Exercise - Please take the lines from the one holding "From mathcomp Require Import ring lra." through the one holding "Implicit Types (a b c u : 'rV[R]_3) (s : R)." in the data below and copy them exactly.

─── Supplied information

(* Let $f:(\mathbb R^2,q)\to(\mathbb R^3,p)$ be a smooth germ with a corank 1 singularity at $q$ whose curvature parabola $\Delta_p$ is a non-degenerate parabola or a half-line (equivalently, $j^2f$ is $\mathcal A^2$-equivalent to $(x,y^2,xy)$ or $(x,y^2,0)$). If $(u,v)$ is a coordinate system with $f_u(q)\ne0$ and $f_v(q)=0$, then $$v_a=\frac{(f_u\times f_{vv})\times f_u}{|(f_u\times f_{vv})\times f_u|}(q),$$ and if moreover $|f_u(q)|=|f_{vv}(q)|=1$ and $\langle f_u(q),f_{vv}(q)\rangle=0$, then $v_a=f_{vv}(q)$.
   Context: $T_pM=\operatorname{im}df_q$, $N_pM$ its orthogonal complement with a fixed orientation. First fundamental form $I(X,Y)=\langle df_qX,df_qY\rangle$; second fundamental form $II$: the symmetric bilinear map $T_q\mathbb R^2\times T_q\mathbb R^2\to N_pM$ with $II(\partial_u,\partial_u)=f_{uu}(q)^\perp$, $II(\partial_u,\partial_v)=f_{uv}(q)^\perp$, $II(\partial_v,\partial_v)=f_{vv}(q)^\perp$ ($\perp$ = orthogonal projection to $N_pM$). Curvature parabola $\Delta_p=\{II(X,X): I(X,X)=1\}\subset N_pM$. Axial vector $v_a$: if $\Delta_p$ is a non-degenerate parabola, the unit vector along its axis of symmetry pointing to its interior; if $\Delta_p$ is a half-line, the unit vector in the direction in which the half-line extends. *)

From HB Require Import structures.
From mathcomp Require Import all_boot all_order all_algebra.
From mathcomp Require Import all_classical all_reals all_analysis.
Set Implicit Arguments. Unset Strict Implicit. Unset Printing Implicit Defensive.
Import Order.TTheory GRing.Theory Num.Theory.
Import numFieldNormedType.Exports.
Local Open Scope classical_set_scope.
Local Open Scope ring_scope.

Section Defs.
Variable R : realType.
Local Notation V2 := 'rV[R]_2.
Local Notation V3 := 'rV[R]_3.

(** Euclidean inner product, norm and cross product on R^3
    (the library norm on 'rV is the max-norm, so we define the Euclidean one). *)
Definition dot3 (a b : V3) : R := \sum_(i < 3) a 0 i * b 0 i.
Definition enorm3 (a : V3) : R := Num.sqrt (dot3 a a).
Definition mk3 (x y z : R) : V3 := \row_(k < 3) nth 0 [:: x; y; z] k.
Definition cross3 (a b : V3) : V3 :=
  mk3 (a 0 1 * b 0 2 - a 0 2 * b 0 1)
      (a 0 2 * b 0 0 - a 0 0 * b 0 2)
      (a 0 0 * b 0 1 - a 0 1 * b 0 0).

Definition e_u : V2 := \row_(j < 2) (if j == 0 :> nat then 1 else 0).
Definition e_v : V2 := \row_(j < 2) (if j == 1 :> nat then 1 else 0).

Fixpoint iterD (vs : seq V2) (f : V2 -> V3) : V2 -> V3 :=
  match vs with
  | [::] => f
  | v :: vs' => 'D_v (iterD vs' f)
  end.

Definition smooth_near (f : V2 -> V3) (q : V2) : Prop :=
  forall vs : seq V2, \forall x \near q,
    {for x, continuous (iterD vs f)} /\ (forall v : V2, derivable (iterD vs f) x v).

Definition jacobian (f : V2 -> V3) (q : V2) : 'M[R]_(2, 3) :=
  \matrix_(i < 2, k < 3) ('D_(if i == 0 :> nat then e_u else e_v) f q) 0 k.
Definition corank1 (f : V2 -> V3) (q : V2) : Prop := \rank (jacobian f q) = 1%N.

Definition df (f : V2 -> V3) (q : V2) (X : V2) : V3 := 'D_X f q.
Definition fu f q : V3 := 'D_e_u f q.
Definition fv f q : V3 := 'D_e_v f q.
Definition fuu f q : V3 := 'D_e_u ('D_e_u f) q.
Definition fuv f q : V3 := 'D_e_v ('D_e_u f) q.
Definition fvv f q : V3 := 'D_e_v ('D_e_v f) q.

Definition firstFF (f : V2 -> V3) (q : V2) (X Y : V2) : R := dot3 (df f q X) (df f q Y).

Definition tangentSp (f : V2 -> V3) (q : V2) : set V3 := range (df f q).
Definition normalSp (f : V2 -> V3) (q : V2) : set V3 :=
  [set n | forall t, tangentSp f q t -> dot3 n t = 0].

Definition nproj (f : V2 -> V3) (q : V2) (w n : V3) : Prop :=
  normalSp f q n /\ tangentSp f q (w - n).

(** II(X,X) for X = a d/du + b d/dv, by symmetric bilinear extension of
    II(du,du)=f_uu^perp, II(du,dv)=f_uv^perp, II(dv,dv)=f_vv^perp *)
Definition secondFF_XX (f : V2 -> V3) (q : V2) (X : V2) (n : V3) : Prop :=
  exists n1 n2 n3, [/\ nproj f q (fuu f q) n1, nproj f q (fuv f q) n2,
    nproj f q (fvv f q) n3 &
    n = (X 0 0 ^+ 2) *: n1 + (2 * X 0 0 * X 0 1) *: n2 + (X 0 1 ^+ 2) *: n3].

Definition curvParabola (f : V2 -> V3) (q : V2) : set V3 :=
  [set n | exists X : V2, firstFF f q X X = 1 /\ secondFF_XX f q X n].

(** a non-degenerate parabola in standard form: vertex c, orthonormal frame
    (e1,e2), equation y = k x^2 with k > 0; its axis of symmetry is c + R e2,
    and e2 points to its interior (convex side). *)
Definition parabolaSet (c e1 e2 : V3) (k : R) : set V3 :=
  [set c + t *: e1 + (k * t ^+ 2) *: e2 | t in [set: R]].
Definition is_nd_parabola (S : set V3) : Prop :=
  exists c e1 e2 (k : R), [/\ enorm3 e1 = 1, enorm3 e2 = 1, dot3 e1 e2 = 0, 0 < k &
    S = parabolaSet c e1 e2 k].

Definition halflineSet (c d : V3) : set V3 := [set c + s *: d | s in [set s : R | 0 <= s]].
Definition is_halfline (S : set V3) : Prop :=
  exists c d, d != 0 /\ S = halflineSet c d.

(** v is an axial vector of S: unit vector along the axis pointing to the
    interior (parabola case), or unit direction of extension (half-line case) *)
Definition axial_cand (S : set V3) (v : V3) : Prop :=
  (exists c e1 (k : R), [/\ enorm3 e1 = 1, enorm3 v = 1, dot3 e1 v = 0, 0 < k &
      S = parabolaSet c e1 v k])
  \/ (exists c, enorm3 v = 1 /\ S = halflineSet c v).

Definition is_axial_vector (S : set V3) (v : V3) : Prop :=
  axial_cand S v /\ forall w, axial_cand S w -> w = v.

End Defs.

(* With f_v(q) = 0 we have df_q X = X_u f_u(q), so I(X, X) = 1 forces
   X_u = +-1/|f_u| and the curvature parabola is the quadratic curve
   t |-> A + t B + t^2 f_vv^perp.  The directions along which a linear form is
   bounded below on such a curve determine its leading coefficient up to a
   positive factor; hence, whether it is presented as a parabola or as a
   half-line, its axial vector is f_vv^perp / |f_vv^perp|, and
   (f_u x f_vv) x f_u = |f_u|^2 f_vv^perp.  That df_q is linear follows from
   the continuity of the directional derivatives by the mean value theorem. *)

From HB Require Import structures.
From mathcomp Require Import all_boot all_order all_algebra.
From mathcomp Require Import all_classical all_reals all_analysis.
From mathcomp Require Import ring lra.
Set Implicit Arguments. Unset Strict Implicit. Unset Printing Implicit Defensive.
Import Order.TTheory GRing.Theory Num.Theory.
Import numFieldNormedType.Exports.
Local Open Scope classical_set_scope.
Local Open Scope ring_scope.

Section Euclid3.
Variable R : realType.
Implicit Types (a b c u : 'rV[R]_3) (s : R).

Lemma dot3E a b : dot3 a b = a 0 0 * b 0 0 + a 0 1 * b 0 1 + a 0 2 * b 0 2.
Proof.
rewrite /dot3 !big_ord_recr big_ord0 /= add0r.
by congr (_ * _ + _ * _ + _ * _); congr (_ _ _); apply: val_inj.
Qed.

Lemma dot3C a b : dot3 a b = dot3 b a.
Proof. rewrite !dot3E; ring. Qed.

Lemma dot3Dr a b c : dot3 a (b + c) = dot3 a b + dot3 a c.
Proof. rewrite !dot3E !mxE; ring. Qed.

Lemma dot3Br a b c : dot3 a (b - c) = dot3 a b - dot3 a c.
Proof. rewrite !dot3E !mxE; ring. Qed.

Lemma dot3Zr s a b : dot3 a (s *: b) = s * dot3 a b.
Proof. rewrite !dot3E !mxE; ring. Qed.

Lemma dot3Bl a b c : dot3 (a - b) c = dot3 a c - dot3 b c.
Proof. by rewrite dot3C dot3Br !(dot3C c). Qed.

Lemma dot3Zl s a b : dot3 (s *: a) b = s * dot3 a b.
Proof. by rewrite dot3C dot3Zr dot3C. Qed.

Lemma dot3_ge0 a : 0 <= dot3 a a.
Proof. by apply: sumr_ge0 => i _; rewrite -expr2 sqr_ge0. Qed.

Lemma dot3_eq0 a : (dot3 a a == 0) = (a == 0).
Proof.
apply/eqP/eqP => [a0|->]; last by rewrite /dot3 big1 // => i _; rewrite mxE mul0r.
apply/rowP => i; rewrite mxE; apply/eqP.
rewrite -[_ == 0]orbb -mulf_eq0; apply/eqP.
by apply: (psumr_eq0P _ a0) => // j _; rewrite -expr2 sqr_ge0.
Qed.

Lemma dot3_gt0 a : (0 < dot3 a a) = (a != 0).
Proof. by rewrite lt_def dot3_ge0 andbT dot3_eq0. Qed.

Lemma enorm3Z s a : enorm3 (s *: a) = `|s| * enorm3 a.
Proof.
by rewrite /enorm3 dot3Zl dot3Zr mulrA -expr2 sqrtrM ?sqr_ge0 // sqrtr_sqr.
Qed.

Lemma enorm3_gt0 a : (0 < enorm3 a) = (a != 0).
Proof. by rewrite /enorm3 sqrtr_gt0 dot3_gt0. Qed.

──────

Solution for this exercise -
From mathcomp Require Import ring lra.
Set Implicit Arguments. Unset Strict Implicit. Unset Printing Implicit Defensive.
Import Order.TTheory GRing.Theory Num.Theory.
Import numFieldNormedType.Exports.
Local Open Scope classical_set_scope.
Local Open Scope ring_scope.

Section Euclid3.
Variable R : realType.
Implicit Types (a b c u : 'rV[R]_3) (s : R).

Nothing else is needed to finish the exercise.